# Pink Polk-A-Dot Harness



## Mia's Mom (Jan 25, 2005)

Well, here is the latest Harness Dress. I'll have to get a pic with Mia wearing it, cuz it looks much cuter on! Hope you like it......


----------



## xx-nathalie-xx (Jan 10, 2005)

this is stunning :shock: i like the colour.....i like the design and the little ponpons !!! it's something i would definitely buy for paris!!

kisses nat


----------



## ilovesadie (Jun 1, 2004)

VERY cute!!!  I LOVE it!


----------



## sullysmum (Mar 6, 2004)

That is really very nice.I make my harness's different to you but tried to do it your way without the binding and double the material how when you sew the underarms inside then turn right way out how does your under arms not pucker up do you cut the material all around the sewing, i gave up after one go cause of the puckering?


----------



## Rachael Polachek (Feb 19, 2005)

Wow! Okay, I want one for Lily. If I sent you her measurements would you make one exactly like that? I can send you a check and you can wait for it to clear or I'd even trust you enough to send cash, if you prefer. I need this harness dress!!! :lol:


----------



## lfutch (Mar 1, 2005)

I love it!! Good Job


----------



## blossom (Mar 8, 2005)

Cute, cute, cute!!


----------



## Mia's Mom (Jan 25, 2005)

Wow!! THANKS, guys!

Sullysmum - Yes, I do sew around the arms - slowly - then i make little cutes all the way around - then iron them down - boy, I'm tired just talking about it!! 

Rachael - I would love to make a dress for Lily - it is $25 for the dress and $35 for the dress and a matching leash!! I would have to check about shipping - I haven't had to ship one yet!!! Wooo HOOO!!
If you will send me your email address, I can send you a measurement chart to measure Lily. 
You can send cash, check, or I have a PayPal account where I can "invoice" you.. Which ever is easier. 

THANKS!!!


----------



## Tinker (Jan 3, 2005)

I love this one, you are sure making me want a baby girl, LOL.


----------



## Mia's Mom (Jan 25, 2005)

I have some cool boy material too - just haven't made them yet.

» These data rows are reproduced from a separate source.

(* Write w = 1^k 0 v with k <= q (or w = 1^n with n <= q).  The number k can be read
   off phi w as min(q, number of trailing 1s of phi w): psi leaves at least q trailing
   1s, whereas phi(v) 0 1^k ends with exactly k < q of them.  As psi is injective,
   induction on the length gives injectivity of phi.  Conversely, psi lengthens the
   last 0-run by one and the 1-run after it by q, so it preserves and reflects the
   condition q*a > b on that pair of runs; hence every q-decreasing word is 1^n with
   n <= q, or psi(x), or x 0 1^k with k < q, for a shorter q-decreasing x.  By
   induction this shows both that phi lands in W^q_n and that it is onto. *)

Lemma size_ind (T : Type) (P : seq T -> Prop) :
  (forall s, (forall s', size s' < size s -> P s') -> P s) -> forall s, P s.
Proof.
move=> IH s; elim: (size s).+1 {-2}s (ltnSn (size s)) => // n IHn {}s hs.
by apply: IH => s' hs'; apply: IHn; apply: leq_trans hs' _.
Qed.

Lemma nseqS_cat (T : Type) n (x : T) s : nseq n.+1 x ++ s = nseq n x ++ x :: s.
Proof. by elim: n => //= n ->. Qed.

Lemma nseqSr (T : Type) n (x : T) : nseq n.+1 x = rcons (nseq n x) x.
Proof. by elim: n => //= n <-. Qed.

Lemma head_rev (T : Type) (x : T) s : head x (rev s) = last x s.
Proof. by case/lastP: s => // s y; rewrite rev_rcons last_rcons. Qed.

Lemma cat_injl (T : eqType) (t : seq T) : injective (cat^~ t).
Proof.
move=> s1 s2 E; have /addIn hs : size s1 + size t = size s2 + size t.
  by rewrite -!size_cat E.
by move/eqP: E; rewrite eqseq_cat // => /andP [/eqP].
Qed.

Lemma nseq_cat_inj (c : bool) n n' s s' :
  head (~~ c) s != c -> head (~~ c) s' != c ->
  nseq n c ++ s = nseq n' c ++ s' -> n = n' /\ s = s'.
Proof.
elim: n n' => [|n IH] [|n'] //=.
- by move=> h _ E; rewrite E /= eqxx in h.
- by move=> _ h E; rewrite -E /= eqxx in h.
- by move=> h h' [] /(IH n' h h') [-> ->].
Qed.

Lemma prefix_nseq_cat (T : eqType) (x y : T) n s t :
  y != x -> prefix (nseq n x) (s ++ y :: t) = prefix (nseq n x) s.
Proof.
move=> yx; elim: s n => [|z s IH] [|n] //=; first by rewrite eq_sym (negbTE yx).
by rewrite IH.
Qed.

Lemma infix_nseq_cat (T : eqType) (x y : T) m s t : y != x ->
  infix (nseq m.+1 x) (s ++ y :: t) = infix (nseq m.+1 x) s || infix (nseq m.+1 x) t.
Proof.
move=> yx; elim: s => [|z s IH]; first by rewrite /= eq_sym (negbTE yx).
by rewrite cat_cons !infix_consl -cat_cons prefix_nseq_cat // IH orbA.
Qed.

Lemma infix_nseq (T : eqType) (x : T) m k : infix (nseq m x) (nseq k x) = (m <= k).
Proof.
case: leqP => hm; first by rewrite -(subnKC hm) nseqD prefix_infix.
apply/negP => /infixP [s [s' /(congr1 size)]]; rewrite !size_cat !size_nseq; lia.
Qed.

Definition leading_ones (w : seq bool) := find negb w.
Definition trailing_ones (w : seq bool) := find negb (rev w).

Variant first_zero_spec (w : seq bool) : nat -> Prop :=
  | FirstZeroNone of w = nseq (size w) true : first_zero_spec w (size w)
  | FirstZeroAt k v of w = nseq k true ++ false :: v : first_zero_spec w k.

Lemma first_zeroP w : first_zero_spec w (leading_ones w).
Proof.
rewrite /leading_ones; elim: w => [|[] w IH] /=; first exact: FirstZeroNone.
- case: IH => [E|k v E]; first by apply: FirstZeroNone; rewrite /= -E.
  by apply: (@FirstZeroAt _ k.+1 v); rewrite E.
- exact: (@FirstZeroAt _ 0 w).
Qed.

Lemma leading_ones_nseq n : leading_ones (nseq n true) = n.
Proof. by rewrite /leading_ones find_nseq mul1n. Qed.

Lemma leading_ones_cons k v : leading_ones (nseq k true ++ false :: v) = k.
Proof. by elim: k => //= k ->. Qed.

Lemma trailing_ones_nseq n : trailing_ones (nseq n true) = n.
Proof. by rewrite /trailing_ones rev_nseq -/(leading_ones _) leading_ones_nseq. Qed.

Lemma trailing_ones_snoc s k : trailing_ones (s ++ false :: nseq k true) = k.
Proof.
rewrite /trailing_ones rev_cat rev_cons rev_nseq -cats1 -catA /=.
exact: leading_ones_cons.
Qed.

Lemma split_last_run (c : bool) w :
  exists p n, w = p ++ nseq n c /\ last (~~ c) p = ~~ c.
Proof.
elim/last_ind: w => [|w d [p [n [-> lp]]]]; first by exists [::], 0.
case: (eqVneq d c) => [->|dc].
- by exists p, n.+1; rewrite -cats1 -catA -nseqS_cat cats0.
- exists (rcons (p ++ nseq n c) d), 0; rewrite cats0 last_rcons.
  by split => //; case: c d dc {lp} => [] [].
Qed.

Variant last_block_spec (w : seq bool) : Prop :=
  | LastBlockNone n of w = nseq n true
  | LastBlock p a b of last true p = true & w = p ++ nseq a.+1 false ++ nseq b true.

Lemma last_blockP w : last_block_spec w.
Proof.
have [p [b [-> lp]]] := split_last_run true w.
have [p0 [[|a] [Ep lp0]]] := split_last_run false p; last first.
  by apply: (@LastBlock _ p0 a b); rewrite // Ep -catA.
apply: (@LastBlockNone _ b); rewrite Ep cats0 in lp *.
by case: p0 lp lp0 {Ep} => [|c p0] //= ->.
Qed.

Lemma last_block_inj p a b p' a' b' : last true p = true -> last true p' = true ->
  p ++ nseq a.+1 false ++ nseq b true = p' ++ nseq a'.+1 false ++ nseq b' true ->
  [/\ p = p', a = a' & b = b'].
Proof.
move=> lp lp' /(congr1 rev); rewrite !rev_cat !rev_nseq -!catA => E.
have [eb] : b = b' /\ nseq a.+1 false ++ rev p = nseq a'.+1 false ++ rev p'.
  exact: nseq_cat_inj E.
case/nseq_cat_inj; try by rewrite /= head_rev ?lp ?lp'.
by move=> [ea] /(congr1 rev); rewrite !revK.
Qed.

Lemma avoids_nseq q m : avoids_ones q (nseq m true) = (m <= q).
Proof. by rewrite /avoids_ones infix_nseq -ltnNge. Qed.

Lemma avoids_cons q k v :
  avoids_ones q (nseq k true ++ false :: v) = (k <= q) && avoids_ones q v.
Proof. by rewrite /avoids_ones infix_nseq_cat // infix_nseq negb_or -ltnNge. Qed.

Lemma phi_fuelE q f1 f2 w : size w <= f1 -> size w <= f2 ->
  phi_fuel q f1 w = phi_fuel q f2 w.
Proof.
elim: f1 f2 w => [|f1 IH] [|f2] [|c w] //= h1 h2.
case: ifP => // _; rewrite (IH f2) // size_drop /=; lia.
Qed.

Lemma phi_nseq q n : phi q (nseq n true) = nseq n true.
Proof.
rewrite /phi size_nseq; case: n => //= n.
by rewrite -/(leading_ones _) leading_ones_nseq size_nseq eqxx.
Qed.

Lemma phi_cons q k v : phi q (nseq k true ++ false :: v) =
  if k == q then psi q (phi q v) else phi q v ++ false :: nseq k true.
Proof.
have sw : size (nseq k true ++ false :: v) = (k + size v).+1.
  by rewrite size_cat size_nseq addnS.
rewrite /phi sw /= -/(leading_ones _) leading_ones_cons sw ifN; last by lia.
have -> : drop k.+1 (nseq k true ++ false :: v) = v.
  by elim: k {sw} => [|k IH]; [exact: drop0 | exact: IH].
by rewrite (@phi_fuelE q (k + size v) (size v)) ?leq_addl.
Qed.

Lemma psi_nseq q m : psi q (nseq m true) = nseq (m + q + 1) true.
Proof. by rewrite /psi -/(trailing_ones _) trailing_ones_nseq size_nseq eqxx. Qed.

Lemma psi_block q p a b : psi q (p ++ nseq a.+1 false ++ nseq b true) =
  p ++ nseq a.+2 false ++ nseq (b + q) true.
Proof.
rewrite nseqS_cat catA /psi -/(trailing_ones _) trailing_ones_snoc.
set s := p ++ nseq a false.
have sw : size (s ++ false :: nseq b true) = size s + b.+1.
  by rewrite size_cat /= size_nseq.
rewrite sw ifN; last by lia.
have -> : size s + b.+1 - b - 1 = size s by lia.
by rewrite take_size_cat // -catA !nseqS_cat.
Qed.

Lemma size_psi q x : size (psi q x) = size x + q + 1.
Proof.
case: (last_blockP x) => [n ->|p a b _ ->]; first by rewrite psi_nseq !size_nseq.
rewrite psi_block !size_cat !size_nseq; lia.
Qed.

Lemma trailing_ones_psi q x : q <= trailing_ones (psi q x).
Proof.
case: (last_blockP x) => [n ->|p a b _ ->].
  by rewrite psi_nseq trailing_ones_nseq addn1 ltnW // ltnS leq_addl.
by rewrite psi_block nseqS_cat catA trailing_ones_snoc leq_addl.
Qed.

Lemma psi_inj q x1 x2 : size x1 = size x2 -> psi q x1 = psi q x2 -> x1 = x2.
Proof.
case: (last_blockP x1) => [n1 ->|p1 a1 b1 l1 ->];
case: (last_blockP x2) => [n2 ->|p2 a2 b2 l2 ->] hs.
- by move: hs; rewrite !size_nseq => ->.
- by move/(congr1 (has negb)); rewrite psi_nseq psi_block has_nseq !has_cat /= andbF orbT.
- by move/(congr1 (has negb)); rewrite psi_nseq psi_block has_nseq !has_cat /= andbF orbT.
- rewrite !psi_block => /last_block_inj[] // -> [->] /eqP.
  by rewrite eqn_add2r => /eqP ->.
Qed.

Lemma size_ones_cons k v : size v < size (nseq k true ++ false :: v).
Proof. by rewrite size_cat /= addnS ltnS leq_addl. Qed.

Lemma size_phi q w : size (phi q w) = size w.
Proof.
elim/size_ind: w => w IH; case: (first_zeroP w) => [E|k v E].
  by rewrite E phi_nseq.
have ltv : size v < size w by rewrite E size_ones_cons.
rewrite E phi_cons size_cat size_nseq /=.
case: eqP => [->|_]; rewrite ?size_psi ?size_cat (IH v ltv) /= ?size_nseq; lia.
Qed.

(* Equivalent to q_decreasing (q_decreasingE) but without requiring the 1-run to be
   maximal, which makes it closed under taking prefixes. *)
Definition qdec q (w : seq bool) : Prop := forall u x a b,
  w = u ++ nseq a false ++ nseq b true ++ x -> 0 < a -> last true u = true ->
  b < q * a.

Lemma q_decreasingE q w : 0 < q -> q_decreasing q w <-> qdec q w.
Proof.
move=> q0; split => [H u x a b E a0 lu | H u x a b E a0 hu _]; last first.
  by apply: H E a0 _; case: hu => [->|]; last case: u.
have hu : u = [::] \/ last false u = true.
  by case: u lu {E} => [|c u] /=; [left | right].
case: (first_zeroP x) E => [Ex|t v ->] E.
  apply: leq_ltn_trans (H u [::] a (b + size x) _ a0 hu (or_introl erefl)).
    exact: leq_addr.
  by rewrite E nseqD -catA cats0 -Ex.
case: (posnP (b + t)) => [bt0|btp].
  have -> : b = 0 by lia.
  by rewrite muln_gt0 q0.
apply: leq_ltn_trans (H u (false :: v) a (b + t) _ a0 hu _); first exact: leq_addr.
- by rewrite E nseqD -!catA.
- by right.
Qed.

Lemma qdec_catl q w y : qdec q (w ++ y) -> qdec q w.
Proof. by move=> H u x a b E; apply: (H u (x ++ y)); rewrite E -!catA. Qed.

Lemma qdec_nseq q n : qdec q (nseq n true).
Proof.
move=> u x [|a] b E // _ _.
have : false \in nseq n true by rewrite E !mem_cat mem_head orbT.
by rewrite mem_nseq andbF.
Qed.

Lemma qdec_rcons_false q w : 0 < q -> qdec q w -> qdec q (rcons w false).
Proof.
move=> q0 H u x a b E a0 lu.
case/lastP: x E => [|x c] E.
- case: b E => [|b] E; first by rewrite muln_gt0 q0.
  move/(congr1 (last true)): E.
  by rewrite cats0 (nseqSr b) -!rcons_cat !last_rcons.
- rewrite -!rcons_cat in E; case/rcons_inj: E => Ew _.
  exact: (H u x a b Ew).
Qed.

Lemma qdec_rcons_true q p a b : last true p = true ->
  qdec q (p ++ nseq a.+1 false ++ nseq b true) -> b.+1 < q * a.+1 ->
  qdec q (rcons (p ++ nseq a.+1 false ++ nseq b true) true).
Proof.
move=> lp H hb u x [//|a'] b' E _ lu.
case/lastP: x E => [|x c] E; last first.
  by move: E; rewrite -!rcons_cat => /rcons_inj[Ew _]; apply: (H u x a'.+1 b').
case: b' E => [|b'] E; first by rewrite muln_gt0; case: q hb {H}.
have Ew : p ++ nseq a.+1 false ++ nseq b true = u ++ nseq a'.+1 false ++ nseq b' true.
  by apply: (@rcons_injl _ true); rewrite E cats0 (nseqSr b') -!rcons_cat.
by have [_ <- <-] := last_block_inj lp lu Ew.
Qed.

Lemma qdec_cat_zeros q w a : 0 < q -> qdec q w -> qdec q (w ++ nseq a false).
Proof.
move=> q0 H; elim: a => [|a IH]; first by rewrite cats0.
by rewrite (nseqSr a) -rcons_cat; apply: qdec_rcons_false.
Qed.

Lemma qdec_block q p a b : 0 < q -> last true p = true ->
  qdec q (p ++ nseq a.+1 false ++ nseq b true) <-> qdec q p /\ b < q * a.+1.
Proof.
move=> q0 lp; split => [H | [H hb]].
  by split; [exact: qdec_catl H | apply: (H p [::]); rewrite ?cats0].
elim: b hb => [|b IH] hb; first by rewrite cats0; apply: qdec_cat_zeros.
rewrite (nseqSr b) -!rcons_cat.
by apply: qdec_rcons_true => //; apply: IH; apply: ltnW.
Qed.

Lemma qdec_psi q x : 0 < q -> qdec q x -> qdec q (psi q x).
Proof.
move=> q0; case: (last_blockP x) => [n ->|p a b lp ->] H.
  by rewrite psi_nseq; apply: qdec_nseq.
rewrite psi_block; have [qp hb] := (qdec_block _ _ q0 lp).1 H.
by apply/qdec_block => //; split => //; rewrite mulnS addnC ltn_add2l.
Qed.

Lemma qdec_snoc q w k : 0 < q -> qdec q w -> k < q ->
  qdec q (w ++ false :: nseq k true).
Proof.
move=> q0 H hk; have [p [a [Ew lp]]] := split_last_run false w.
rewrite Ew -catA -nseqS_cat; apply/qdec_block => //.
split; first by apply: (@qdec_catl _ _ (nseq a false)); rewrite -Ew.
by rewrite mulnS; apply: leq_trans hk (leq_addr _ _).
Qed.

But I plan on doing them this weekend. I will post them on Monday!

Thanks for the all the nice compliments!! :wave:


----------



## karis (Oct 2, 2004)

How absolutely adorable!!!!! I really need to start sewing more!!!! I love making Dresses for Paris, but I just never seem to have the time.


----------



## MissMolly (Jan 28, 2005)

OMG! Soooooo cute! I want one toooooo!  You are REALLY good at making them!


----------



## luv4mygirls (Feb 20, 2005)

i'm jealous! i lack talent! 

very nice harness!!!


----------



## Gadget's Mom (Jan 14, 2005)

very nice job... I like your colors on this one...


----------